What the task asks: In the data below, one line contains "exact/max_idPr." and a later one contains "by rewrite /K /s; field; rewrite !gt_eqF.". Print both, with every line between them, exactly and alone.

========

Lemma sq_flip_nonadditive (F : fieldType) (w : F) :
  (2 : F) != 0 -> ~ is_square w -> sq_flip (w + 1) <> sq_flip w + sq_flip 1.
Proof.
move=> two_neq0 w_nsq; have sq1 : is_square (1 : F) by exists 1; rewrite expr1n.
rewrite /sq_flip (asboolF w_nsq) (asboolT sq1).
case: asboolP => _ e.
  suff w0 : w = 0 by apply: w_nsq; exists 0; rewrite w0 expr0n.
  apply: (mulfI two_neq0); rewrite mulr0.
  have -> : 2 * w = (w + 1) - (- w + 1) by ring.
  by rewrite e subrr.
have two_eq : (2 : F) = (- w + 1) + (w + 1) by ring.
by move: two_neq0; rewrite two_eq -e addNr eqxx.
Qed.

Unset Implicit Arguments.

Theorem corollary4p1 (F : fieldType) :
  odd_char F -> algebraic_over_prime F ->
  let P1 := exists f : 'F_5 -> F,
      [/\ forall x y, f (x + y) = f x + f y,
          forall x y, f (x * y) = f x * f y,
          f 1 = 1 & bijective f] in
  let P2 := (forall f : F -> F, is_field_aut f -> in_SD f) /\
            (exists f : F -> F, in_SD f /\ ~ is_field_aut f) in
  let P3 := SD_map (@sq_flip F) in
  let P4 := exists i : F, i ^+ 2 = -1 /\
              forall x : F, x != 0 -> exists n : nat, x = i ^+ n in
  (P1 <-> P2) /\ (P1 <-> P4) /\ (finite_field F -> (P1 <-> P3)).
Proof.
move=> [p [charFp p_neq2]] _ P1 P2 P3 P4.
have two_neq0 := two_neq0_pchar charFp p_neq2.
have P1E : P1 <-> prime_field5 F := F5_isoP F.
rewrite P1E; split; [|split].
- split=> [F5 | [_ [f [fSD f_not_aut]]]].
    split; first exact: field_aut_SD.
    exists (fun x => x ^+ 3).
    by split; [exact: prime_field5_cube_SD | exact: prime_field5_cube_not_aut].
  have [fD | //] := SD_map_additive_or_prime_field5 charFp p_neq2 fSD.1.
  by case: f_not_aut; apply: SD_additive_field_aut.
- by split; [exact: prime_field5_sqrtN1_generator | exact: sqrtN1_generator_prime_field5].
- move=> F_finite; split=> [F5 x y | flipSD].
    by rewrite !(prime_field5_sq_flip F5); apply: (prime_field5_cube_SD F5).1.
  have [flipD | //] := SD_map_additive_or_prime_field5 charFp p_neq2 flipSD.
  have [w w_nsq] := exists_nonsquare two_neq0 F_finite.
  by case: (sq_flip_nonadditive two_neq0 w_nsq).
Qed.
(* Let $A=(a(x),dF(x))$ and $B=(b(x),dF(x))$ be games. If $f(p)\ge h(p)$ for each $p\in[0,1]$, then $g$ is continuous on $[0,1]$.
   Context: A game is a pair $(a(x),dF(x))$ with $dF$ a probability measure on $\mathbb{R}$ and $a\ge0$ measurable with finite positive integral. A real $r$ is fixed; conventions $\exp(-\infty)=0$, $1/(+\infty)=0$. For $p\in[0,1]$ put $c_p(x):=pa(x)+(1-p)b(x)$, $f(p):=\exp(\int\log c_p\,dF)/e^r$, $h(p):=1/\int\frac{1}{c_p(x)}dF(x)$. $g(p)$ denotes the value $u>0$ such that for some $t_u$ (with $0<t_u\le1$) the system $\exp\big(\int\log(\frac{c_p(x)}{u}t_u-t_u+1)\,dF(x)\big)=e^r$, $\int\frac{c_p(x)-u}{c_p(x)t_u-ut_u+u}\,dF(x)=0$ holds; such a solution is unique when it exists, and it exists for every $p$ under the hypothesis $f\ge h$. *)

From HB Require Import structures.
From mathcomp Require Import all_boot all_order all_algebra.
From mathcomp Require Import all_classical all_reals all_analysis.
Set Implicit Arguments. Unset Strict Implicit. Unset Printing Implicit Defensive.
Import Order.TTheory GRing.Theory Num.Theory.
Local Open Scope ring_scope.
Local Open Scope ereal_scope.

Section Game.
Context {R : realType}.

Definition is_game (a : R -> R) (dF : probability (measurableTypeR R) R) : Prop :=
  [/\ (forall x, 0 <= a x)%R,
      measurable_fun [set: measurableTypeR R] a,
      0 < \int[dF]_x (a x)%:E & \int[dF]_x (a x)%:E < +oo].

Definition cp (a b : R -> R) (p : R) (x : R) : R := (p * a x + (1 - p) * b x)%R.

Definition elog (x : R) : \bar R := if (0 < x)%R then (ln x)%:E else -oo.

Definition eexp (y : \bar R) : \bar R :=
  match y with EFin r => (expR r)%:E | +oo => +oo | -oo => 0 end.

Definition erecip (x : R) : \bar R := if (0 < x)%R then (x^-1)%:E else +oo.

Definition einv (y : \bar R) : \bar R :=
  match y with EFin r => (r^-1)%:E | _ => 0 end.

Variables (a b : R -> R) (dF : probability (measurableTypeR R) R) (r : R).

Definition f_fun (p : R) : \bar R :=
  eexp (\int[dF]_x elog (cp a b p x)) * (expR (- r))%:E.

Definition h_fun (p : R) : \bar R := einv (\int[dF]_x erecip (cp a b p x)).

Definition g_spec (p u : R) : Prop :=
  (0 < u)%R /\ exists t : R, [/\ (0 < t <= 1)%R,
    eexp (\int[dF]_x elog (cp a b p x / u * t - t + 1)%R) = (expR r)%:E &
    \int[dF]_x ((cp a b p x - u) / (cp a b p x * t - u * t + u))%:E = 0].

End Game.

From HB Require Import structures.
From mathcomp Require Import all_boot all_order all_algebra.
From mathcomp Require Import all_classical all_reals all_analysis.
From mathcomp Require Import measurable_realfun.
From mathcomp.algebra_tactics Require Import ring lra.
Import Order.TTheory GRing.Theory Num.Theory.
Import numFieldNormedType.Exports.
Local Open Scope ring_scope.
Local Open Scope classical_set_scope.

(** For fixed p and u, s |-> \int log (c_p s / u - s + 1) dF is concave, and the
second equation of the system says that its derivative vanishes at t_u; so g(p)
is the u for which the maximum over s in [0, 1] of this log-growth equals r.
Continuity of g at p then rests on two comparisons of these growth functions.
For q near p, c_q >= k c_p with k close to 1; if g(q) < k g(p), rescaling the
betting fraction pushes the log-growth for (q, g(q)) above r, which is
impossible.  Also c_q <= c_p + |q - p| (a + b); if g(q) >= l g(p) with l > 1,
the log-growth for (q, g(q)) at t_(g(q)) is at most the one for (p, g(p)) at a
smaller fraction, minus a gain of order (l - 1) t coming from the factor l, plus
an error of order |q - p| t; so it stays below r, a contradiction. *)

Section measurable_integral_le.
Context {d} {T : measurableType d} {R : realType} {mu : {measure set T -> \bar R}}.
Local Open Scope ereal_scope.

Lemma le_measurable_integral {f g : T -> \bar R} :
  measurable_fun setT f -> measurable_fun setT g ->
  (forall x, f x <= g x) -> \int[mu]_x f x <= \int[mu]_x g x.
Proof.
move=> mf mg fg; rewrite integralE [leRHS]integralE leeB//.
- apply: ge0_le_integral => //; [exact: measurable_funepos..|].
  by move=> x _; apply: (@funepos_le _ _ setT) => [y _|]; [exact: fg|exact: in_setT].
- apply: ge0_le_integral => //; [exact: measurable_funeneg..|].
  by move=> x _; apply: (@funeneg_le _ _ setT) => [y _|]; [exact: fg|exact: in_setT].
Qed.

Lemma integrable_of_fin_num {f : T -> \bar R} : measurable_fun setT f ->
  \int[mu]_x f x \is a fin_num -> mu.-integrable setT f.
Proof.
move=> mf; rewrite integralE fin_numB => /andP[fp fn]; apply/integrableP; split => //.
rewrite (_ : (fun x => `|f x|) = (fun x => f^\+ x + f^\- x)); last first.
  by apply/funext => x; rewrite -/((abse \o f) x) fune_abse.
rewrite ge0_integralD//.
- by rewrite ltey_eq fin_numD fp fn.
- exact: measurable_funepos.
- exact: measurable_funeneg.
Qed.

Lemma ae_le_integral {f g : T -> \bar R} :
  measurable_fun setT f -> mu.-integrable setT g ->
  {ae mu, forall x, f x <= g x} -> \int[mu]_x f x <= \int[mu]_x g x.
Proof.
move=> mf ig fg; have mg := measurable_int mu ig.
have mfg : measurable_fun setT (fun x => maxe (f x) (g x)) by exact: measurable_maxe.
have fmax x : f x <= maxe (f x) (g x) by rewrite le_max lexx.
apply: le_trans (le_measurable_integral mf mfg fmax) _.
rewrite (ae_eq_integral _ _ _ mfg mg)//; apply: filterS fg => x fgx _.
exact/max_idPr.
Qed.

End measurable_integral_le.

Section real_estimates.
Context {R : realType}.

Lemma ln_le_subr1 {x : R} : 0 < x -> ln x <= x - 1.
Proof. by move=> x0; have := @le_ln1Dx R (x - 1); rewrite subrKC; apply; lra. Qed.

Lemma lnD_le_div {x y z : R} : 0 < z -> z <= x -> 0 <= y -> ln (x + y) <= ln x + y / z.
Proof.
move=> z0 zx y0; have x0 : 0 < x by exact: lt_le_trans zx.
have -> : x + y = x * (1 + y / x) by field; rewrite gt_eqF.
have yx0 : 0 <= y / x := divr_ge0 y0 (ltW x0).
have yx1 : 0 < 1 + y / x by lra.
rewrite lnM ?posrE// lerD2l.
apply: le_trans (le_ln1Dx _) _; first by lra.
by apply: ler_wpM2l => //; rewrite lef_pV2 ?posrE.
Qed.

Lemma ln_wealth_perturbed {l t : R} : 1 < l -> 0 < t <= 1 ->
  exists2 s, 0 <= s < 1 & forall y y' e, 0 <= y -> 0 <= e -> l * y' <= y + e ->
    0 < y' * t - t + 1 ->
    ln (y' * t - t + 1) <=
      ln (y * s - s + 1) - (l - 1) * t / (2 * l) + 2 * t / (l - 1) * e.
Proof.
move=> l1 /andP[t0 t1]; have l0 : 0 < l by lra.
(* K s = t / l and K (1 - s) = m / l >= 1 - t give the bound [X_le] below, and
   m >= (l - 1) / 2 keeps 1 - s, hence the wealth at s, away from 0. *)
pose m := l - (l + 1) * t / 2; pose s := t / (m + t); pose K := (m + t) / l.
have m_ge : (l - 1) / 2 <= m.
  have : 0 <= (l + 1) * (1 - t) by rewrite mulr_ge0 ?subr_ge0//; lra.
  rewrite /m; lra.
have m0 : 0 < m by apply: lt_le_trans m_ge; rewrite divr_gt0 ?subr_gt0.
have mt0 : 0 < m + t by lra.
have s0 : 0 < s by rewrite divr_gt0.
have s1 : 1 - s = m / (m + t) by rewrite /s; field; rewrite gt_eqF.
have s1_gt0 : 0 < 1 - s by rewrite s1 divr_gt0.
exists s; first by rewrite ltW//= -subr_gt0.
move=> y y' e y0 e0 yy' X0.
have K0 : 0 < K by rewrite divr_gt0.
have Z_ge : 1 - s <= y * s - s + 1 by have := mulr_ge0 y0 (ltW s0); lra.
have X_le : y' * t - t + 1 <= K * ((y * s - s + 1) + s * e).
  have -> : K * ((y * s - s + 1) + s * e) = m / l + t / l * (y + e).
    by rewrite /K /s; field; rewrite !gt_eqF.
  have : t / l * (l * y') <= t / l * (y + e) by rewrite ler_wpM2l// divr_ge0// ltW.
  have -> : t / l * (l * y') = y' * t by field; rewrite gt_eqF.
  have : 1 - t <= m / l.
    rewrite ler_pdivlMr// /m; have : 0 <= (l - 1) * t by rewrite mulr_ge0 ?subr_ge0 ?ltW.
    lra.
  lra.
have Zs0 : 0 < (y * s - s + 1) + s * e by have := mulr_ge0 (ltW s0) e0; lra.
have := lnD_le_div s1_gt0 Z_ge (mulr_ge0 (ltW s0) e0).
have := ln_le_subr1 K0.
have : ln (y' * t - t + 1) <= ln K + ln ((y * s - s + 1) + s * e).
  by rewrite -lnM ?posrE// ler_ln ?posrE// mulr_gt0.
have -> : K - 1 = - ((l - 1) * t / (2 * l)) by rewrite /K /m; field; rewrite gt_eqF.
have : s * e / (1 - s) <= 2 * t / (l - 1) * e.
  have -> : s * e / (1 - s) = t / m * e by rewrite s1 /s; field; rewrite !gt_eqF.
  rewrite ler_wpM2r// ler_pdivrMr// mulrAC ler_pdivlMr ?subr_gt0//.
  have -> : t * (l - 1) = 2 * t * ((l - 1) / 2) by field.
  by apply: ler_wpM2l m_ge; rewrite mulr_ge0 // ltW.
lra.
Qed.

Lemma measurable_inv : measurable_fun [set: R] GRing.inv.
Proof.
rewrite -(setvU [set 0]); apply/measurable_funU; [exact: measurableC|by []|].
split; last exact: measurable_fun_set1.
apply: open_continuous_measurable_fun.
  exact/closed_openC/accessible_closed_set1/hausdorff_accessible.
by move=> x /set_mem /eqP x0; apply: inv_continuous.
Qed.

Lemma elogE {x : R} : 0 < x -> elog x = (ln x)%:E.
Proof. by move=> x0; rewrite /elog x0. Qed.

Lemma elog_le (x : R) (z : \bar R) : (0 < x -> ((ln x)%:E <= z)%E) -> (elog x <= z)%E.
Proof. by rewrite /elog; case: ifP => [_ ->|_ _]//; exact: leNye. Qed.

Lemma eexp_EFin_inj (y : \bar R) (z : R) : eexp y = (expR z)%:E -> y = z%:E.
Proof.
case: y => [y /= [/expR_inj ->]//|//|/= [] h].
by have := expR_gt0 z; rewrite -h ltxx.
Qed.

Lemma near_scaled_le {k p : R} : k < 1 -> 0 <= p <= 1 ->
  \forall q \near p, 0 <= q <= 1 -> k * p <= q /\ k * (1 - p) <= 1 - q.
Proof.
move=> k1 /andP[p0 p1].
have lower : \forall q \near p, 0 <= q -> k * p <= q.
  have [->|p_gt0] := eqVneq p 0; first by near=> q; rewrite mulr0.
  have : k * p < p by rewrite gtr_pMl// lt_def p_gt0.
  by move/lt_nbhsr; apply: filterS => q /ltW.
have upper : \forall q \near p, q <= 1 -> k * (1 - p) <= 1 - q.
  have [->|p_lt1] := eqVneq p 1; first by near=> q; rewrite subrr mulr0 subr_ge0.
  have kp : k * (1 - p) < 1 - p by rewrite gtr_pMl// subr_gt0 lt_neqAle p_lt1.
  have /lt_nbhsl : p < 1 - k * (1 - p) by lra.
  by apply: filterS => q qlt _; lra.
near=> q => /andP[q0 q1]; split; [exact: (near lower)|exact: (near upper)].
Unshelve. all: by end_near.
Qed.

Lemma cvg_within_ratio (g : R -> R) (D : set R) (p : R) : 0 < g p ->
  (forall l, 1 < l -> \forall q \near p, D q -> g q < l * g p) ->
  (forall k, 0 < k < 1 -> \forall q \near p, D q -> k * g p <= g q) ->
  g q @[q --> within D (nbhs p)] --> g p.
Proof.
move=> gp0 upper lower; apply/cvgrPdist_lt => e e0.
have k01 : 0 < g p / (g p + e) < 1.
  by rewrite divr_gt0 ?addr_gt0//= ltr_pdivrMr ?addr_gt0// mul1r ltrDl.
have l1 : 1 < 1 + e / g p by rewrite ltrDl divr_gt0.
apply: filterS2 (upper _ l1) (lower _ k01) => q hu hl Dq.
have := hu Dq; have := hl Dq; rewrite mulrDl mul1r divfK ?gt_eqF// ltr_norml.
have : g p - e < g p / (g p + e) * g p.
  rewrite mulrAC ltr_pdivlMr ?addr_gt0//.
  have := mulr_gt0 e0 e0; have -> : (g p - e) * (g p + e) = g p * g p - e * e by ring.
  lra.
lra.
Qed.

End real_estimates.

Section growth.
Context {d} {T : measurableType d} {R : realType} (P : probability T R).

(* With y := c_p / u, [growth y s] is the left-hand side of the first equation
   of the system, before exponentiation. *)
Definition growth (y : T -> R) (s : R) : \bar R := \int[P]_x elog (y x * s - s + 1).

========

Result below:
exact/max_idPr.
Qed.

End measurable_integral_le.

Section real_estimates.
Context {R : realType}.

Lemma ln_le_subr1 {x : R} : 0 < x -> ln x <= x - 1.
Proof. by move=> x0; have := @le_ln1Dx R (x - 1); rewrite subrKC; apply; lra. Qed.

Lemma lnD_le_div {x y z : R} : 0 < z -> z <= x -> 0 <= y -> ln (x + y) <= ln x + y / z.
Proof.
move=> z0 zx y0; have x0 : 0 < x by exact: lt_le_trans zx.
have -> : x + y = x * (1 + y / x) by field; rewrite gt_eqF.
have yx0 : 0 <= y / x := divr_ge0 y0 (ltW x0).
have yx1 : 0 < 1 + y / x by lra.
rewrite lnM ?posrE// lerD2l.
apply: le_trans (le_ln1Dx _) _; first by lra.
by apply: ler_wpM2l => //; rewrite lef_pV2 ?posrE.
Qed.

Lemma ln_wealth_perturbed {l t : R} : 1 < l -> 0 < t <= 1 ->
  exists2 s, 0 <= s < 1 & forall y y' e, 0 <= y -> 0 <= e -> l * y' <= y + e ->
    0 < y' * t - t + 1 ->
    ln (y' * t - t + 1) <=
      ln (y * s - s + 1) - (l - 1) * t / (2 * l) + 2 * t / (l - 1) * e.
Proof.
move=> l1 /andP[t0 t1]; have l0 : 0 < l by lra.
(* K s = t / l and K (1 - s) = m / l >= 1 - t give the bound [X_le] below, and
   m >= (l - 1) / 2 keeps 1 - s, hence the wealth at s, away from 0. *)
pose m := l - (l + 1) * t / 2; pose s := t / (m + t); pose K := (m + t) / l.
have m_ge : (l - 1) / 2 <= m.
  have : 0 <= (l + 1) * (1 - t) by rewrite mulr_ge0 ?subr_ge0//; lra.
  rewrite /m; lra.
have m0 : 0 < m by apply: lt_le_trans m_ge; rewrite divr_gt0 ?subr_gt0.
have mt0 : 0 < m + t by lra.
have s0 : 0 < s by rewrite divr_gt0.
have s1 : 1 - s = m / (m + t) by rewrite /s; field; rewrite gt_eqF.
have s1_gt0 : 0 < 1 - s by rewrite s1 divr_gt0.
exists s; first by rewrite ltW//= -subr_gt0.
move=> y y' e y0 e0 yy' X0.
have K0 : 0 < K by rewrite divr_gt0.
have Z_ge : 1 - s <= y * s - s + 1 by have := mulr_ge0 y0 (ltW s0); lra.
have X_le : y' * t - t + 1 <= K * ((y * s - s + 1) + s * e).
  have -> : K * ((y * s - s + 1) + s * e) = m / l + t / l * (y + e).
    by rewrite /K /s; field; rewrite !gt_eqF.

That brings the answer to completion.